The reasoning: CloudNativePG already handles replication for high availability at the database level. If a node goes down, PostgreSQL fails over to a replica on a different node. Having Longhorn also replicate each volume across nodes is redundant — it's just burning through disk space for no real benefit.

I kept the default 3-replica storage class for everything else (general workloads, apps that don't have their own replication), but all database clusters now use longhorn-single-replica.

#Deploying a PostgreSQL Cluster

Here's what a real CloudNativePG cluster definition looks like. This is from one of the apps I'm running:

apiVersion: postgresql.cnpg.io/v1
kind: Cluster
metadata:
  name: nocodb-postgres
  namespace: nocodb
spec:
  instances: 2
  primaryUpdateStrategy: unsupervised
  storage:
    size: 5Gi
    storageClass: longhorn-single-replica
  monitoring:
    enablePodMonitor: true
  postgresql:
    parameters:
      max_connections: "100"
      shared_buffers: "128MB"
      work_mem: "4MB"
      maintenance_work_mem: "32MB"
      effective_cache_size: "512MB"
  replicationSlots:
    highAvailability:
      enabled: true
  bootstrap:
    initdb:
      database: nocodb
      owner: nocodb
      secret:
        name: nocodb-postgres-credentials

A few things to highlight:

instances: 2 — one primary, one replica.
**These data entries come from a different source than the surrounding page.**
Lemma caratheodory_coef_bound_r (e : nat -> C) (h : C -> C) (beta r : R) (k : nat) :
  power_series_on_U e h -> e 0%nat = 1 ->
  (forall z, inU z -> z <> 0 -> (beta < Re (h z))%R) ->
  (0 < r < 1)%R -> (0 < k)%nat ->
  (Cmod (e k) * r ^ k <= 2 * (1 - beta))%R.
Proof.
  intros He He0 Hpos Hr Hk.
  set (a := fun m => (Cmod (e m) * r ^ m)%R).
  assert (HS : is_series a (Series a))
    by (apply Series_correct, (ex_series_Cmod_pow e h He); lra).
  apply Rle_plus_epsilon. intros eps Heps.
  assert (Heps4 : (0 < eps / 4)%R) by lra.
  destruct (HS _ (locally_ball (Series a) (mkposreal _ Heps4))) as [N0 HN0].
  set (N := (N0 + 2 * k + 2)%nat).
  set (T := (Series a - sum_n a (pred (N - k)))%R).
  assert (HT : is_series (fun m => a (N - k + m)%nat) T).
  { apply is_series_incr_n; [lia|].
    replace (plus T _) with (Series a); [exact HS|]. unfold T, plus; simpl.
    change (Series a = Series a - sum_n a (pred (N - k)) + sum_n a (pred (N - k)))%R. ring. }
  assert (HTeps : (T < eps / 4)%R).
  { specialize (HN0 (pred (N - k)) ltac:(unfold N; lia)).
    change (Rabs (sum_n a (pred (N - k)) - Series a) < eps / 4)%R in HN0.
    apply Rabs_def2 in HN0. unfold T. lra. }
  pose proof (caratheodory_approx e h beta r N k T He He0 Hpos Hr Hk ltac:(unfold N; lia) HT).
  lra.
Qed.

Lemma pow_ge_1_sub_mul (r : R) (k : nat) : (0 <= r <= 1)%R -> (1 - INR k * (1 - r) <= r ^ k)%R.
Proof.
  intros Hr. induction k.
  - simpl. lra.
  - rewrite S_INR. change (r ^ S k)%R with (r * r ^ k)%R.
    assert (r * (1 - INR k * (1 - r)) <= r * r ^ k)%R by (apply Rmult_le_compat_l; lra).
    assert (0 <= INR k * ((1 - r) * (1 - r)))%R by (apply Rmult_le_pos; [apply pos_INR | nra]).
    nra.
Qed.

Lemma le_of_pow_mul_le (x c : R) (k : nat) : (0 <= x)%R ->
  (forall r, (0 < r < 1)%R -> x * r ^ k <= c)%R -> (x <= c)%R.
Proof.
  intros Hx H. apply Rle_plus_epsilon. intros eps Heps.
  assert (HK : (0 < x * INR k + 1)%R) by (pose proof (pos_INR k); nra).
  set (d := Rmin (1 / 2) (eps / (x * INR k + 1))).
  assert (Hd : (0 < d <= 1 / 2)%R)
    by (split; [apply Rmin_pos; [lra | apply Rdiv_lt_0_compat; lra] | apply Rmin_l]).
  assert (Hdk : (x * INR k * d <= eps)%R).
  { assert (d * (x * INR k + 1) <= eps)%R by (apply Rle_div_r; [lra | apply Rmin_r]).
    assert (0 <= d)%R by lra. nra. }
  pose proof (H (1 - d)%R ltac:(lra)) as Hc.
  pose proof (pow_ge_1_sub_mul (1 - d) k ltac:(lra)) as Hb.
  nra.
Qed.

Theorem caratheodory_coef_bound (e : nat -> C) (h : C -> C) (beta : R) (k : nat) :
  power_series_on_U e h -> e 0%nat = 1 ->
  (forall z, inU z -> z <> 0 -> (beta < Re (h z))%R) ->
  (0 < k)%nat -> (Cmod (e k) <= 2 * (1 - beta))%R.
Proof.
  intros He He0 Hpos Hk. apply (le_of_pow_mul_le _ _ k (Cmod_ge_0 _)).
  intros r Hr. exact (caratheodory_coef_bound_r e h beta r k He He0 Hpos Hr Hk).
Qed.

(** * Coefficients of the inverse function *)

Lemma is_derive_C_unique (F : C -> C) (z l1 l2 : C) :
  is_derive F z l1 -> is_derive F z l2 -> l1 = l2.
Proof.
  intros H1 H2. now rewrite <- (is_C_derive_unique F z l1 H1), (is_C_derive_unique F z l2 H2).
Qed.

(* Coquelicot's product and composition rules are stated for the normed module
   [AbsRing_NormedModule C_AbsRing], which is not convertible to [C_NormedModule]. *)
Local Notation is_Kderive := (@is_derive C_AbsRing (AbsRing_NormedModule C_AbsRing)).

Lemma is_Kderive_of_C (F : C -> C) z l : is_derive F z l -> is_Kderive F z l.
Proof. intros [_ H]. split; [apply is_linear_scal_l | exact H]. Qed.

Lemma is_C_derive_of_K (F : C -> C) z l : is_Kderive F z l -> is_derive F z l.
Proof. intros [_ H]. split; [apply is_linear_scal_l | exact H]. Qed.

Lemma locally_Cmod_lt (z : C) (rho : R) : (Cmod z < rho)%R ->
  @locally (AbsRing_UniformSpace C_AbsRing) z (fun t => Cmod t < rho)%R.
Proof.
  intros Hz. assert (H : (0 < rho - Cmod z)%R) by lra.
  exists (mkposreal _ H). intros t Ht. change (Cmod (t - z) < rho - Cmod z)%R in Ht.
  replace t with (z + (t - z)) by ring. eapply Rle_lt_trans; [apply Cmod_triangle | lra].
Qed.

Lemma is_Kderive_ext_disk (F G : C -> C) (rho : R) (w l l' : C) :
  (forall t, Cmod t < rho -> F t = G t)%R -> (Cmod w < rho)%R ->
  is_Kderive F w l -> is_Kderive G w l' -> l = l'.
Proof.
  intros E Hw HF HG. apply (is_derive_C_unique G w); apply is_C_derive_of_K; [|exact HG].
  apply (@is_derive_ext_loc C_AbsRing (AbsRing_NormedModule C_AbsRing) F); [|exact HF].
  exact (filter_imp _ _ E (locally_Cmod_lt w rho Hw)).
Qed.

Lemma Cderiv_at_0 (c : nat -> C) (F : C -> C) :
  power_series_on_U c F -> Cderiv c 0 = deriv_coef c 0.
Proof. intros H. exact (power_series_on_U_at_0 _ _ (power_series_on_U_deriv c F H)). Qed.

Section InverseCoefficients.

Variables (a b : nat -> C) (f g : C -> C) (rho : R).
Hypotheses (Hf : power_series_on_U a f) (Hg : power_series_on_U b g)
  (Ha1 : a 1%nat = 1) (Hb0 : b 0%nat = 0) (Hb1 : b 1%nat = 1)
  (Hrho : (0 < rho <= 1)%R)
  (Hinv : forall w, (Cmod w < rho)%R -> inU (g w) /\ f (g w) = w).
For a home lab this gives me high availability without going overboard.
storageClass: longhorn-single-replica — using our single-replica class so we don't double up on replication.
replicationSlots.highAvailability.enabled: true — ensures the replica stays in sync even if it temporarily falls behind.
bootstrap.initdb — creates the database and user on first boot, using credentials from a Kubernetes Secret.

Commit this to the Flux repo and within a few minutes you have a running PostgreSQL cluster with streaming replication.
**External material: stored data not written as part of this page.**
Lemma sin_two_pi_periodic : two_pi_periodic sin.
Proof. by move=> x m; rewrite -[RHS](sin_period x m) !RealsE /=; congr sin; ring. Qed.

Lemma cos_cos_recurrent : cos_recurrent cos.
Proof. by move=> x a; rewrite cos_plus cos_minus !RealsE /=; ring. Qed.

Lemma sin_cos_recurrent : cos_recurrent sin.
Proof. by move=> x a; rewrite sin_plus sin_minus !RealsE /=; ring. Qed.

Section Waves.
Variables (g : R -> R) (n : nat).
Hypotheses (g_periodic : two_pi_periodic g) (n_gt0 : (0 < n)%N).

Definition wave (k : nat) : R := g (2 * PI * INR k / INR n).

Lemma natr_n_neq0 : n%:R != 0 :> R.
Proof. by rewrite pnatr_eq0 -lt0n. Qed.

Lemma wave_mod (k1 k2 : nat) : (k1 = k2 %[mod n])%N -> wave k1 = wave k2.
Proof.
suff wave_modn k : wave (k %% n)%N = wave k by move=> Ek; rewrite -wave_modn Ek wave_modn.
rewrite {2}(divn_eq k n) /wave -(g_periodic _ (k %/ n)%N); congr g.
rewrite !RealsE natrD natrM /=.
move: (k %% n)%N (k %/ n)%N => r d; field; exact: natr_n_neq0.
Qed.

Lemma modn_succ_mod (m : nat) : ((m %% n).+1 = m.+1 %[mod n])%N.
Proof. by rewrite -[(m %% n).+1]addn1 -[m.+1]addn1 modnDml. Qed.

Lemma wave_cycle_eigen : cos_recurrent g ->
  forall i : 'I_n, wave (ordS i).+1 + wave (ord_pred i).+1 =
    2 * cos (2 * PI / INR n) * wave i.+1.
Proof.
move=> g_rec i.
have -> : wave (ordS i).+1 = wave i.+2 by apply: wave_mod; rewrite modn_succ_mod.
have -> : wave (ord_pred i).+1 = wave i.
  apply: wave_mod; rewrite modn_succ_mod prednK ?modnDr //.
  by rewrite addn_gt0 n_gt0 orbT.
rewrite /wave -g_rec; congr (g _ + g _); rewrite !RealsE; move: (nat_of_ord i) => k.
all: by rewrite -!natr1; field; exact: natr_n_neq0.
Qed.
End Waves.

(* For n >= 2 the angle 2π/n lies in (0, π], where cos is below cos 0 = 1. *)
Lemma cos_two_pi_div_neq1 {n : nat} : (1 < n)%N -> cos (2 * PI / INR n) != 1.
Proof.
move=> n_gt1; have n_pos : 0 < n%:R :> R by rewrite ltr0n; apply: ltnW.
have pi_pos : 0 < PI by apply/RltP; exact: PI_RGT_0.
have angle_pos : 0 < 2 * PI / n%:R :> R by rewrite divr_gt0 // mulr_gt0.
have angle_le_pi : 2 * PI / n%:R <= PI :> R.
  by rewrite ler_pdivrMr // mulrC ler_pM2l // ler_nat.
suff : cos (2 * PI / INR n) < 1 by move/lt_eqF ->.
rewrite -[X in _ < X]cos_0; apply/RltP.
apply: cos_decreasing_1; rewrite ?RealsE /=.
- exact: Rle_refl.
- by apply/RleP; rewrite ltW.
- by apply/RleP; rewrite ltW.
- exact/RleP.
- exact/RltP.
Qed.

Lemma sum_sqr_eq0 {T : realDomainType} {N : nat} (f : 'I_N -> T) :
  \sum_(j < N) f j ^+ 2 = 0 -> forall j, f j = 0.
Proof.
move=> sum0 j; apply/eqP; rewrite -sqrf_eq0; apply/eqP.
by apply: (psumr_eq0P (P := xpredT) (F := fun j => f j ^+ 2)) => // i _; exact: sqr_ge0.
Qed.

Section LowOrderCoefficients.
Context {T : comNzRingType}.

Lemma coefM_low (p r : {poly T}) :
  [/\ (p * r)`_0 = p`_0 * r`_0, (p * r)`_1 = p`_0 * r`_1 + p`_1 * r`_0
    & (p * r)`_2 = p`_0 * r`_2 + p`_1 * r`_1 + p`_2 * r`_0].
Proof. by rewrite !coefM !big_ord_recr !big_ord0 /= !subSS !subn0 !add0r. Qed.

Lemma coef01_prod (I : Type) (s : seq I) (F : I -> {poly T}) :
  (forall i, (F i)`_0 = 1) ->
  (\prod_(i <- s) F i)`_0 = 1 /\ (\prod_(i <- s) F i)`_1 = \sum_(i <- s) (F i)`_1.
Proof.
move=> F0; elim: s => [|x s [IH0 IH1]]; first by rewrite !big_nil !coef1; split.
have [M0 M1 _] := coefM_low (F x) (\prod_(i <- s) F i).
by rewrite !big_cons M0 M1 IH0 IH1 F0; split; ring.
Qed.

Lemma coef01_exp (p : {poly T}) (k : nat) :
  p`_0 = 1 -> (p ^+ k)`_0 = 1 /\ (p ^+ k)`_1 = k%:R * p`_1.
Proof.
move=> p0; rewrite -(subn0 k) -prodr_const_nat.
have [-> ->] := @coef01_prod _ (index_iota 0 k) (fun=> p) (fun=> p0).
by rewrite sumr_const_nat mulr_natl.
Qed.

Lemma coef_sqr_low (p : {poly T}) : p`_0 = 0 -> (p ^+ 2)`_1 = 0 /\ (p ^+ 2)`_2 = p`_1 ^+ 2.
Proof. by move=> p0; have [_ M1 M2] := coefM_low p p; rewrite expr2 M1 M2 p0; split; ring. Qed.

Lemma coef_line (c : T) :
  [/\ (1 + c *: 'X : {poly T})`_0 = 1, (1 + c *: 'X : {poly T})`_1 = c
    & (1 + c *: 'X : {poly T})`_2 = 0].
Proof. by rewrite !coefD !coefZ !coef1 !coefX /= !mulr0 !mulr1 !addr0 add0r. Qed.

Lemma coef_scaleX_exp (c : T) (k j : nat) : ((c *: 'X) ^+ k)`_j = c ^+ k * (j == k)%:R.
Proof. by rewrite exprZn coefZ coefXn. Qed.
End LowOrderCoefficients.

Section Lines.
Context {n : nat}.
Variable v : 'I_n -> R.

(* The restriction t |-> P(1 + t v) of P to the line through 1 = (1, ..., 1) in direction v. *)
Definition along (P : {mpoly R[n]}) : {poly R} := mmap (@polyC R) (fun i => 1 + v i *: 'X) P.

HB.instance Definition _ :=
  GRing.RMorphism.copy along (mmap (@polyC R) (fun i => 1 + v i *: 'X)).

Lemma alongZ (a : R) (P : {mpoly R[n]}) : along (a *: P) = a *: along P.
Proof. by rewrite /along mmapZ mul_polyC. Qed.

Lemma along_X (i : 'I_n) : along 'X_i = 1 + v i *: 'X.
Proof. by rewrite /along mmapX mmap1U. Qed.

Lemma meval_ones_monomial (m : 'X_{1.. n}) : ('X_[m] : {mpoly R[n]}).@[@ones n] = 1.
Proof. by rewrite mevalX big1 // => i _; rewrite expr1n. Qed.

Lemma along_monomial_low (m : 'X_{1.. n}) :
  (along 'X_[m])`_0 = 1 /\ (along 'X_[m])`_1 = \sum_(i < n) v i * (m i)%:R.
Proof.
have line_pow0 i : ((1 + v i *: 'X) ^+ m i)`_0 = 1.
  by have [line0 _ _] := coef_line (v i); rewrite (coef01_exp _ (m i) line0).1.
rewrite /along mmapX /mmap1; have [-> ->] := @coef01_prod _ _ (index_enum 'I_n) _ line_pow0.
split=> //; apply: eq_bigr => i _.
have [line0 line1 _] := coef_line (v i).
by rewrite (coef01_exp _ (m i) line0).2 line1 mulrC.
Qed.

Lemma along_taylor (P : {mpoly R[n]}) :
  (along P)`_0 = P.@[@ones n] /\
  (along P)`_1 = \sum_(i < n) v i * (P^`M(i)).@[@ones n].
Proof.
elim/mpolyind: P => [|c m p _ _ [IH0 IH1]].
  rewrite rmorph0 !coef0 meval0; split=> //.
  by rewrite big1 // => i _; rewrite mderiv0 meval0 mulr0.
have [X0 X1] := along_monomial_low m.
rewrite rmorphD /= alongZ !coefD !coefZ X0 X1 IH0 IH1 mevalD mevalZ meval_ones_monomial.
split; first by rewrite mulr1.
rewrite mulr_sumr -big_split; apply: eq_bigr => i _ /=.
rewrite mderivD mderivZ mderivX mevalD !mevalZ meval_ones_monomial; ring.
Qed.

Lemma along_lincomb (N : nat) (c : 'I_N -> R) (q : 'I_N -> {mpoly R[n]}) (k : nat) :
  (along (\sum_(j < N) c j *: q j))`_k = \sum_(j < N) c j * (along (q j))`_k.
Proof. by rewrite rmorph_sum coef_sum; apply: eq_bigr => j _; rewrite /= alongZ coefZ. Qed.
End Lines.

Section AlongF.
Context {n : nat}.
Variable v : 'I_n -> R.

Lemma along_pp (i : 'I_n) :
  [/\ (along v (pp 'X_i))`_0 = 0, (along v (pp 'X_i))`_1 = 2 * v i
    & (along v (pp 'X_i))`_2 = 3 * v i ^+ 2].
Proof.
have shift : along v ('X_i - 1) = v i *: 'X by rewrite rmorphB /= along_X rmorph1 addrC addKr.
rewrite /pp; move: shift; move: ('X_i - 1) => s shift.
rewrite !(rmorphD, rmorphN) /= !alongZ !rmorphXn /= shift.
rewrite !(coefD, coefN, coefZ, coef_scaleX_exp, coefX) /=.
by split; ring.
Qed.

Lemma along_Fpoly :
  [/\ (along v (Fpoly n))`_0 = 0, (along v (Fpoly n))`_1 = - \sum_(i < n) 2 * v i
    & (along v (Fpoly n))`_2 = (1 / (1 - cos (2 * PI / INR n)) : R) *
        \sum_(i < n) (v i - v (succI i)) ^+ 2 - \sum_(i < n) 3 * v i ^+ 2].
Proof.
have edge i : along v (('X_i - 'X_(succI i)) ^+ 2) = ((v i - v (succI i)) *: 'X) ^+ 2.
  by rewrite rmorphXn rmorphB /= !along_X opprD addrACA subrr add0r scalerBl.
rewrite /Fpoly rmorphB /= alongZ !rmorph_sum /= (eq_bigr _ (fun i _ => edge i)).
rewrite !coefB !coefZ !coef_sum.
split.
- rewrite big1 ?mulr0 => [|i _]; last by rewrite coef_scaleX_exp mulr0.
  by rewrite big1 ?subrr // => i _; have [-> _ _] := along_pp i.
- rewrite big1 ?mulr0 ?sub0r => [|i _]; last by rewrite coef_scaleX_exp mulr0.
  by congr (- _); apply: eq_bigr => i _; have [_ -> _] := along_pp i.
- congr (_ * _ - _); apply: eq_bigr => i _; first by rewrite coef_scaleX_exp mulr1.
  by have [_ _ ->] := along_pp i.
Qed.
#Connection Pooling with PgBouncer

CloudNativePG also supports connection pooling through PgBouncer, which is great for web applications that might open a lot of short-lived database connections:

apiVersion: postgresql.cnpg.io/v1
kind: Pooler
metadata:
  name: nocodb-postgres-pooler
  namespace: nocodb
spec:
  cluster:
    name: nocodb-postgres
  type: rw
  instances: 2
  monitoring:
    enablePodMonitor: true
  pgbouncer:
    poolMode: session
    parameters:
      default_pool_size: "20"
      max_client_conn: "100"

Your app connects to the pooler service instead of directly to PostgreSQL, and PgBouncer handles connection multiplexing.

#Monitoring

Since I have Prometheus and Grafana set up on the cluster, CloudNativePG integrates nicely with both via the enablePodMonitor: true and enableServiceMonitor: true settings. This gives me dashboards showing replication lag, connection counts, query throughput, and storage usage — which is how I discovered the 9x replication issue in the first place.

#Current State

I now have about 9 PostgreSQL databases running via CloudNativePG across various apps — NocoDB, Postiz, n8n, Coder, and a few of my own projects. All using longhorn-single-replica for storage. The operator handles failover, and Flux handles deployment. It's been rock solid.

#Wrapping Up the Series

This was the last major piece of infrastructure for my home lab cluster. Looking back at the whole journey — from unboxing HP EliteDesk minis to running production databases on Kubernetes — it's been a fantastic learning experience. The cluster is now running real applications, accessible from the internet through Cloudflare Tunnel, with GitOps managing the entire state.

Was it overkill? Absolutely. Was it worth it? Also absolutely.